The Court was reviewing the part of the federal Defense of Marriage Act of 1996 that defined marriage to be “only a legal union between one man and one woman as husband and wife” in determining federal benefits. It came in a lawsuit where the plaintiff, Edith Windsor, claimed that she was entitled to a tax refund of more than $363,000 after her same-sex spouse died. 

The Court’s right-wing Justices opposed the DOMA ruling. Justice Antonin Scalia gave a heated 10-minute lashing aimed at his five colleagues from the bench and his  dissent was cited on law blogs as being perhaps the most bitter that he has ever written. 

It is a little early to predict what the more general effect of the ruling will have on the rest of the 1996 law, but most legal experts have previously said that this this kind of ruling would effectively spell the end of the challenged part of the 1996 law. 

The Court’s second ruling in Hollingsworth v. Perry, found that private citizens—who oppose same-sex marriage—could not step in and defend California’s Prop. 8 after the state decided not to appeal a lower court ruling that threw out the marriage ban.

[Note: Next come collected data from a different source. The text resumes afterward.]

(* Let $C\le\mathbb{F}^n$ be an $\mathbb{F}$-linear $[n,k,d]$-code with ordered basis $B=(a_1,\dots,a_k)$, and let ${\sf Basis}(B)$ and ${\sf Code}(B)$ be as defined in the context. (a) ${\sf Basis}(B)$ is an ordered basis of ${\sf Code}(B)$. Moreover, ${\sf Code}(B)$ is an $\mathbb{F}$-linear $[n',k',d']$-code with $n'=(k+1)n$, $k'=k+1$ and $d'\ge kd$. (b) Suppose that $C$ is $u$-bounded relative to $B$ for some positive integer $u$. Then $d'=(k+1)d$. Furthermore, ${\sf Code}(B)$ is $ku$-bounded relative to ${\sf Basis}(B)$ if and only if $u\ge d(1+2k^{-1})$.
   Context: $\mathbb{F}$ is an arbitrary field and vectors in $\mathbb{F}^n$ are column vectors. The weight $\mathrm{wt}(x)$ of $x\in\mathbb{F}^n$ is its number of nonzero coordinates. An $[n,k,d]$-code is a $k$-dimensional subspace of $\mathbb{F}^n$ whose minimum distance (the minimum weight of a nonzero codeword) is $d$. Boundedness: let $u$ be a positive integer and let $C$ be an $[n,k,d]$-code with ordered basis $B=(a_1,\dots,a_k)$. Then $C$ is $u$-bounded relative to $B$ if all three of the following hold: (i) $\mathrm{wt}(a_j)=u$ for every $j$; (ii) $\mathrm{wt}\big(\sum_{j=1}^k a_j\big)=d$; (iii) $u\ge d(1+k^{-1})$. Construction: for an ordered basis $B=(a_1,\dots,a_k)$ of a code $C\le\mathbb{F}^n$, set $a_0:=0\in\mathbb{F}^n$. For $m=1,\dots,k+1$, let $a'_m\in\mathbb{F}^{n(k+1)}$ be the column vector made of $k+1$ blocks of length $n$. Its $r$-th block, for $r=1,\dots,k+1$, is $a_{r-m}$, where the subscript is read modulo $k+1$ with representatives in $\{0,\dots,k\}$. Thus $a'_1=(0,a_1,\dots,a_k)^T$, $a'_2=(a_k,0,a_1,\dots,a_{k-1})^T$, …, $a'_{k+1}=(a_1,\dots,a_k,0)^T$ in block form. Define ${\sf Basis}(B)=(a'_1,\dots,a'_{k+1})$, and let ${\sf Code}(B)\le\mathbb{F}^{n(k+1)}$ be its $\mathbb{F}$-linear span. *)

From HB Require Import structures.
From mathcomp Require Import all_boot all_order all_algebra.
Set Implicit Arguments. Unset Strict Implicit. Unset Printing Implicit Defensive.
Import Order.TTheory GRing.Theory Num.Theory.
Local Open Scope ring_scope.

Section Codes.
Variable F : fieldType.

Definition wt (n : nat) (x : 'cV[F]_n) : nat := #|[set i : 'I_n | x i 0 != 0]|.

Definition is_min_dist (n : nat) (C : {vspace 'cV[F]_n}) (d : nat) : Prop :=
  (exists2 x, x \in C & (x != 0) /\ wt x = d) /\
  (forall x, x \in C -> x != 0 -> (d <= wt x)%N).

Definition is_code (n : nat) (C : {vspace 'cV[F]_n}) (k d : nat) : Prop :=
  \dim C = k /\ is_min_dist C d.

Definition u_bounded (n k : nat) (C : {vspace 'cV[F]_n}) (B : k.-tuple 'cV[F]_n)
    (u : nat) : Prop :=
  [/\ (0 < u)%N, basis_of C B &
    exists d, [/\ is_min_dist C d,
      forall j : 'I_k, wt (tnth B j) = u,
      wt (\sum_(j < k) tnth B j) = d &
      (d%:R * (1 + (k%:R)^-1) <= (u%:R : rat))]].

(* a_j for j = 0..k, with a_0 = 0 and a_j = j-th basis vector (1-based). *)
Definition blk (n k : nat) (B : k.-tuple 'cV[F]_n) (j : nat) : 'cV[F]_n :=
  if j is j'.+1 then nth 0 B j' else 0.

(* a'_m (0-based m' = m - 1): block r (0-based r' = r - 1) is
   a_{(r - m) mod (k+1)} = a_{(r' + (k+1) - m') mod (k+1)}.
   Blocks are laid out consecutively via mxvec (row-major order). *)
Definition basis_vec (n k : nat) (B : k.-tuple 'cV[F]_n) (m : 'I_k.+1)
    : 'cV[F]_(k.+1 * n) :=
  (mxvec (\matrix_(r < k.+1, p < n) blk B ((r + k.+1 - m) %% k.+1)%N p 0))^T.

Definition Basis (n k : nat) (B : k.-tuple 'cV[F]_n) : k.+1.-tuple 'cV[F]_(k.+1 * n) :=
  [tuple basis_vec B m | m < k.+1].

Definition Code (n k : nat) (B : k.-tuple 'cV[F]_n) : {vspace 'cV[F]_(k.+1 * n)} :=
  <<Basis B>>%VS.

End Codes.

From HB Require Import structures.
From mathcomp Require Import all_boot all_order all_algebra.
From mathcomp Require Import zify ring.
From Stdlib Require Import Classical Wf_nat.
Import Order.TTheory GRing.Theory Num.Theory.
Set Implicit Arguments. Unset Strict Implicit. Unset Printing Implicit Defensive.
Local Open Scope ring_scope.

(* Block r of sum_m c_m a'_m is sum_m c_m a_(r-m), a combination of the a_j that does not
   involve c_r; since the a_j are free, a nonzero codeword has at most one zero block and every
   other block is a nonzero word of C.  This gives weight >= k d, and if some block vanishes the
   codeword is a multiple of a single a'_r, whose weight is the sum of the weights of the a_j.
   Under u-boundedness that sum is k u >= (k+1) d, and the codeword sum_m a'_m, all of whose
   blocks equal sum_j a_j, attains (k+1) d. *)

(* Identify the block index set with Z/(k+1), so that block r of a'_m is a_(r - m). *)
Lemma ord_subE p (r m : 'I_p.+1) : nat_of_ord (r - m) = ((r + p.+1 - m) %% p.+1)%N.
Proof. by rewrite /= /Zp_opp /= modnDmr addnBA // ltnW. Qed.

Lemma ler_natMinvD (R : numFieldType) (d u k b : nat) : (0 < k)%N ->
  (d%:R * (1 + b%:R * (k%:R)^-1) <= u%:R :> R) = (d * (k + b) <= u * k)%N.
Proof.
move=> k_gt0; have k_neq0 : k%:R != 0 :> R by rewrite pnatr_eq0 -lt0n.
have -> : d%:R * (1 + b%:R * (k%:R)^-1) = (d * (k + b))%:R / k%:R :> R.
  by rewrite natrM natrD; field.
by rewrite ler_pdivrMr ?ltr0n // -natrM ler_nat.
Qed.

Lemma ler_natMinv (R : numFieldType) (d u k : nat) : (0 < k)%N ->
  (d%:R * (1 + (k%:R)^-1) <= u%:R :> R) = (d * (k + 1) <= u * k)%N.
Proof. by move=> k_gt0; rewrite -(ler_natMinvD R _ _ 1 k_gt0) mulr1n mul1r. Qed.

Lemma ler_natMinvS (R : numFieldType) (d u k : nat) : (0 < k)%N ->
  ((k.+1 * d)%:R * (1 + (k.+1%:R)^-1) <= (k * u)%:R :> R) = (d * (k + 2) <= u * k)%N.
Proof.
move=> k_gt0; rewrite ler_natMinv // -[RHS](leq_pmul2r (ltn0Sn k)).
by congr (_ <= _)%N; nia.
Qed.

Section Weight.
Variable F : fieldType.

Lemma wtE n (x : 'cV[F]_n) : wt x = (\sum_i (x i 0%R != 0%R))%N.
Proof. by rewrite /wt -sum1_card big_mkcond; apply: eq_bigr => i _; rewrite inE. Qed.

Lemma wt0 n : wt (0 : 'cV[F]_n) = 0%N.
Proof. by rewrite wtE big1 // => i _; rewrite mxE eqxx. Qed.

Lemma wtZ n (c : F) (x : 'cV[F]_n) : c != 0 -> wt (c *: x) = wt x.
Proof.
by move=> c_neq0; rewrite !wtE; apply: eq_bigr => i _; rewrite mxE mulf_eq0 (negbTE c_neq0).
Qed.

Definition col_blocks m n (f : 'I_m -> 'cV[F]_n) : 'cV[F]_(m * n) :=
  (mxvec (\matrix_(r, q) f r q 0))^T.

Lemma wt_col_blocks m n (f : 'I_m -> 'cV[F]_n) : wt (col_blocks f) = (\sum_r wt (f r))%N.
Proof.
rewrite wtE (reindex _ (@curry_mxvec_bij m n)) /=.
under [RHS]eq_bigr do rewrite wtE.
by rewrite pair_big /=; apply: eq_bigr => -[r q] _; rewrite !mxE mxvecE mxE.
Qed.

Lemma col_blocks_comb (I : finType) m n (c : I -> F) (f : I -> 'I_m -> 'cV[F]_n) :
  \sum_(i : I) c i *: col_blocks (f i) = col_blocks (fun r => \sum_(i : I) c i *: f i r).
Proof.
apply/matrixP => ij j; rewrite (ord1 j); case/mxvec_indexP: ij => r q.
by rewrite summxE !mxE mxvecE mxE summxE; apply: eq_bigr => i _; rewrite !mxE mxvecE mxE.
Qed.

Lemma col_blocks_eq0 m n (f : 'I_m -> 'cV[F]_n) r : col_blocks f = 0 -> f r = 0.
Proof.
move/eqP; rewrite trmx_eq0 mxvec_eq0 => /eqP/matrixP f0.
by apply/matrixP => q j; move: (f0 r q); rewrite (ord1 j) !mxE.
Qed.

Lemma min_dist_unique n (C : {vspace 'cV[F]_n}) d d' :
  is_min_dist C d -> is_min_dist C d' -> d = d'.
Proof.
move=> [[x xC [x_neq0 <-]] minC] [[y yC [y_neq0 <-]] minC'].
by apply/anti_leq; rewrite minC // minC'.
Qed.

Lemma min_dist_dim_gt0 n (C : {vspace 'cV[F]_n}) d : is_min_dist C d -> (0 < \dim C)%N.
Proof.
case=> -[x xC [x_neq0 _]] _; rewrite lt0n dimv_eq0.
by apply: contraNneq x_neq0 => C0; rewrite -memv0 -C0.
Qed.

Lemma min_dist_exists n (C : {vspace 'cV[F]_n}) : (0 < \dim C)%N -> exists d, is_min_dist C d.
Proof.
rewrite lt0n dimv_eq0 => C_neq0.
pose P w := exists2 x, x \in C & x != 0 /\ wt x = w.
have P_ex : exists w, P w by exists (wt (vpick C)), (vpick C); rewrite ?memv_pick ?vpick0.
have [d [[Pd minP] _]] :=
  @dec_inh_nat_subset_has_unique_least_element P (fun w => classic (P w)) P_ex.
exists d; split=> // x xC x_neq0.
by apply/ssrnat.leP/minP; exists x.
Qed.

End Weight.

Section Code.
Variables (F : fieldType) (n k : nat) (B : k.-tuple 'cV[F]_n).
Hypothesis freeB : free B.

Lemma blk_ord0 : blk B (@ord0 k) = 0.
Proof. by []. Qed.

Lemma blk_lift (j : 'I_k) : blk B (lift ord0 j) = tnth B j.
Proof. by rewrite lift0 /= (tnth_nth 0). Qed.

Lemma basis_vecE m : basis_vec B m = col_blocks (fun r => blk B (r - m)%R).
Proof.
by rewrite /basis_vec /col_blocks; congr (mxvec _)^T; apply/matrixP => r q; rewrite !mxE ord_subE.
Qed.

Lemma nth_Basis (m : 'I_k.+1) : (Basis B)`_m = basis_vec B m.
Proof. by rewrite -tnth_nth tnth_mktuple. Qed.

Definition Code_block (c : 'I_k.+1 -> F) (r : 'I_k.+1) : 'cV[F]_n :=
  \sum_m c m *: blk B (r - m)%R.

Lemma Code_combE c : \sum_m c m *: basis_vec B m = col_blocks (Code_block c).
Proof. by under eq_bigr do rewrite basis_vecE; rewrite col_blocks_comb. Qed.

Lemma Code_blockE c r : Code_block c r = \sum_(j < k) c (r - lift ord0 j) *: tnth B j.
Proof.
have sub_inj : injective (fun t : 'I_k.+1 => r - t) by move=> s t /addrI/oppr_inj.
rewrite /Code_block (reindex_inj sub_inj); under eq_bigr do rewrite subKr.
rewrite big_ord_recl blk_ord0 scaler0; under eq_bigr do rewrite blk_lift.
by rewrite [LHS]add0r.
Qed.

Lemma Code_block_mem c r : Code_block c r \in <<B>>%VS.
Proof. by rewrite Code_blockE; apply: memv_suml => j _; rewrite memvZ ?memv_span ?mem_tnth. Qed.

Lemma Code_block_eq0 c r : Code_block c r = 0 -> forall m, m != r -> c m = 0.
Proof.
rewrite Code_blockE => block0 m m_neq_r.
have coef0 := freeP freeB (fun j => c (r - lift ord0 j)).
have /coef0 {}coef0 : \sum_(j < k) c (r - lift ord0 j) *: B`_j = 0.
  by rewrite -[RHS]block0; apply: eq_bigr => j _; rewrite (tnth_nth 0).
case: (unliftP ord0 (r - m)) => [j rj | /eqP].
  by rewrite -(subKr r m) rj coef0.
by rewrite -[ord0]/(0 : 'I_k.+1) subr_eq0 eq_sym (negbTE m_neq_r).
Qed.

Lemma Code_block_neq0 c m r : c m != 0 -> r != m -> Code_block c r != 0.
Proof.
by move=> cm_neq0 r_neq_m; apply: contraNneq cm_neq0 => /Code_block_eq0 -> //; rewrite eq_sym.
Qed.

Lemma Code_comb_single c r : Code_block c r = 0 ->
  \sum_m c m *: basis_vec B m = c r *: basis_vec B r.
Proof.
move=> block0; rewrite (bigD1 r) //= big1 ?addr0 // => m m_neq_r.
by rewrite (Code_block_eq0 block0 m_neq_r) scale0r.
Qed.

Section Nondegenerate.
Hypothesis k_gt0 : (0 < k)%N.

Lemma Code_comb_eq0 c : \sum_m c m *: basis_vec B m = 0 -> forall m, c m = 0.
Proof.
rewrite Code_combE => comb0 m.
apply: (Code_block_eq0 (col_blocks_eq0 (if m == ord0 then ord_max else ord0) comb0)).
by case: (eqVneq m ord0) => [->|//]; rewrite -val_eqE /= eq_sym -lt0n.
Qed.

Lemma free_Basis : free (Basis B).
Proof.
apply/freeP => c comb0; apply: Code_comb_eq0.
by rewrite -[RHS]comb0; apply: eq_bigr => m _; rewrite nth_Basis.
Qed.

Lemma basis_of_Code : basis_of (Code B) (Basis B).
Proof. by rewrite /basis_of /Code eqxx free_Basis. Qed.

Lemma dim_Code : \dim (Code B) = k.+1.
Proof. by move/eqP: free_Basis; rewrite size_tuple. Qed.

End Nondegenerate.

Lemma basis_vec_Code m : basis_vec B m \in Code B.
Proof. by rewrite memv_span // -nth_Basis mem_nth ?size_tuple. Qed.

Lemma Code_coord x : x \in Code B -> x = \sum_m coord (Basis B) m x *: basis_vec B m.
Proof. by move/coord_span => {1}->; apply: eq_bigr => m _; rewrite nth_Basis. Qed.

Lemma Code_coord_neq0 x : x \in Code B -> x != 0 -> exists m, coord (Basis B) m x != 0.
Proof.
move=> xC x_neq0; apply/existsP; apply: contraNT x_neq0 => /existsPn coord0; apply/eqP.
by rewrite (Code_coord xC) big1 // => m _; rewrite (eqP (negbNE (coord0 m))) scale0r.
Qed.

Lemma wt_basis_vec u m : (forall j, wt (tnth B j) = u) -> wt (basis_vec B m) = (k * u)%N.
Proof.
move=> wtB; rewrite basis_vecE wt_col_blocks.
rewrite (reindex_inj (addIr m)); under eq_bigr do rewrite addrK.
rewrite big_ord_recl blk_ord0 wt0; under eq_bigr do rewrite blk_lift wtB.
by rewrite [LHS]add0n sum_nat_const card_ord.
Qed.

Lemma wt_sum_basis_vec : wt (\sum_m basis_vec B m) = (k.+1 * wt (\sum_j tnth B j))%N.
Proof.
under eq_bigr do rewrite -[basis_vec _ _]scale1r.
rewrite Code_combE wt_col_blocks.
under eq_bigr do rewrite Code_blockE; under eq_bigr do under eq_bigr do rewrite scale1r.
by rewrite sum_nat_const card_ord.
Qed.

Section LowerBound.
Variable d : nat.
Hypothesis wt_span_ge : forall x, x \in <<B>>%VS -> x != 0 -> (d <= wt x)%N.

(* If c m != 0, every block other than block m is a nonzero vector of <<B>>. *)
Lemma wt_Code_comb_ge c m : c m != 0 -> (k * d <= wt (\sum_m c m *: basis_vec B m))%N.
Proof.
move=> cm_neq0; rewrite Code_combE wt_col_blocks (bigD1 m) //=.
apply: leq_trans (leq_addl _ _).
have -> : (k * d = \sum_(r | r != m) d)%N.
  by rewrite sum_nat_cond_const (eq_card (B := predC1 m)) ?cardC1 ?card_ord // => r; rewrite inE.
apply: leq_sum => r r_neq_m.
by rewrite wt_span_ge ?Code_block_mem ?(Code_block_neq0 cm_neq0).
Qed.

Lemma wt_Code_ge x : x \in Code B -> x != 0 -> (k * d <= wt x)%N.
Proof.
move=> xC x_neq0; have [m cm_neq0] := Code_coord_neq0 xC x_neq0.
by rewrite (Code_coord xC); apply: wt_Code_comb_ge cm_neq0.
Qed.

Section Bounded.
Variable u : nat.
Hypotheses (wtB : forall j, wt (tnth B j) = u) (bound : (k.+1 * d <= k * u)%N).

(* A codeword with a zero block is a multiple of some a'_r, of weight k u. *)
Lemma wt_Code_ge_bounded x : x \in Code B -> x != 0 -> (k.+1 * d <= wt x)%N.
Proof.
move=> xC; rewrite (Code_coord xC); set c := fun m => coord (Basis B) m x.
case: (boolP [exists r, Code_block c r == 0])
  => [/existsP[r /eqP block0] | /existsPn blocks_neq0].
  rewrite (Code_comb_single block0) => x_neq0.
  have cr_neq0 : c r != 0 by apply: contraNneq x_neq0 => ->; rewrite scale0r.
  by rewrite wtZ // (wt_basis_vec _ wtB).
move=> _; rewrite Code_combE wt_col_blocks.
have -> : (k.+1 * d = \sum_(r < k.+1) d)%N by rewrite sum_nat_const card_ord.
by apply: leq_sum => r _; rewrite wt_span_ge ?Code_block_mem ?blocks_neq0.
Qed.

Lemma min_dist_Code : (0 < k)%N -> wt (\sum_j tnth B j) = d -> is_min_dist (Code B) (k.+1 * d).
Proof.
move=> k_gt0 wt_sum; split; last exact: wt_Code_ge_bounded.
exists (\sum_m basis_vec B m); first by apply: memv_suml => m _; apply: basis_vec_Code.
split; last by rewrite wt_sum_basis_vec wt_sum.
apply/eqP => sum0.
have comb0 : \sum_m (fun=> 1 : F) m *: basis_vec B m = 0.
  by rewrite -[RHS]sum0; apply: eq_bigr => m _; rewrite scale1r.
by move: (Code_comb_eq0 k_gt0 comb0 ord0); apply/eqP; rewrite oner_neq0.
Qed.

End Bounded.
End LowerBound.
End Code.

Theorem proposition3p3 (F : fieldType) (n k d : nat)
    (C : {vspace 'cV[F]_n}) (B : k.-tuple 'cV[F]_n) :
  basis_of C B -> is_code C k d ->
  (basis_of (Code B) (Basis B) /\
   exists d', is_code (Code B) k.+1 d' /\ (k * d <= d')%N) /\
  (forall u : nat, u_bounded C B u ->
     is_min_dist (Code B) (k.+1 * d) /\
     (u_bounded (Code B) (Basis B) (k * u) <->
      (d%:R * (1 + 2 * (k%:R)^-1) <= (u%:R : rat)))).
Proof.
move=> bCB [dimC mdC].
have k_gt0 : (0 < k)%N by rewrite -dimC (min_dist_dim_gt0 mdC).
have freeB := basis_free bCB.
have wt_span_ge : forall x, x \in <<B>>%VS -> x != 0 -> (d <= wt x)%N.
  by rewrite (span_basis bCB); case: mdC.
have bCode := basis_of_Code freeB k_gt0; have dimCode := dim_Code freeB k_gt0.
split.
  split=> //; have [d' md'] : exists d', is_min_dist (Code B) d'.
    by apply: min_dist_exists; rewrite dimCode.
  exists d'; split=> //; case: md' => -[x xC [x_neq0 <-]] _.
  exact: wt_Code_ge wt_span_ge x xC x_neq0.
move=> u [u_gt0 _ [_ [/(min_dist_unique mdC) <- wtB wt_sum]]].
rewrite ler_natMinv // addn1 mulnC [(u * k)%N]mulnC => bound.
have mdCode := min_dist_Code freeB wt_span_ge wtB bound k_gt0 wt_sum.
split=> //; rewrite ler_natMinvD // -(ler_natMinvS rat _ _ k_gt0); split.
  by case=> _ _ [d' [md' _ _]]; rewrite (min_dist_unique md' mdCode).
move=> Code_bound; split; rewrite ?muln_gt0 ?k_gt0 //; exists (k.+1 * d)%N; split=> //.
- by move=> m; rewrite tnth_mktuple (wt_basis_vec _ wtB).
- by under eq_bigr do rewrite tnth_mktuple; rewrite wt_sum_basis_vec wt_sum.
Qed.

“We have never before upheld the standing of a private party to defend the constitutionality of a state statute when state officials have chosen not to. We decline to do so for the first time here,” wrote Chief Justice John Roberts.

While the rulings are an undeniable step forward for LGBT rights, the Court’s rulings were largely on procedural grounds, legal observors noted, which limits their scope.

“The Court’s promotion of same-sex marriage is like a shotgun wedding: done with reluctance, and without the loving embrace of someone fully committed to the sacred union,” wrote Adam Winkler, a UCLA Law School professor, who said the rulings “sound like procedure is more important than people” and were reminiscent of the decisions made by the Court before the heyday of the 1960s Civil Rights era.

The result is that the country will remain divided on red and blue state lines on same-sex marriage for years to come. While today is undoubtedly a victory for marriage equality and LGBT rights, it is slow step forward. Advocates will be forced to fight for years in state legislatures for more state-based rights, while the federal government will now commence erasing the legal distinctions between married couples.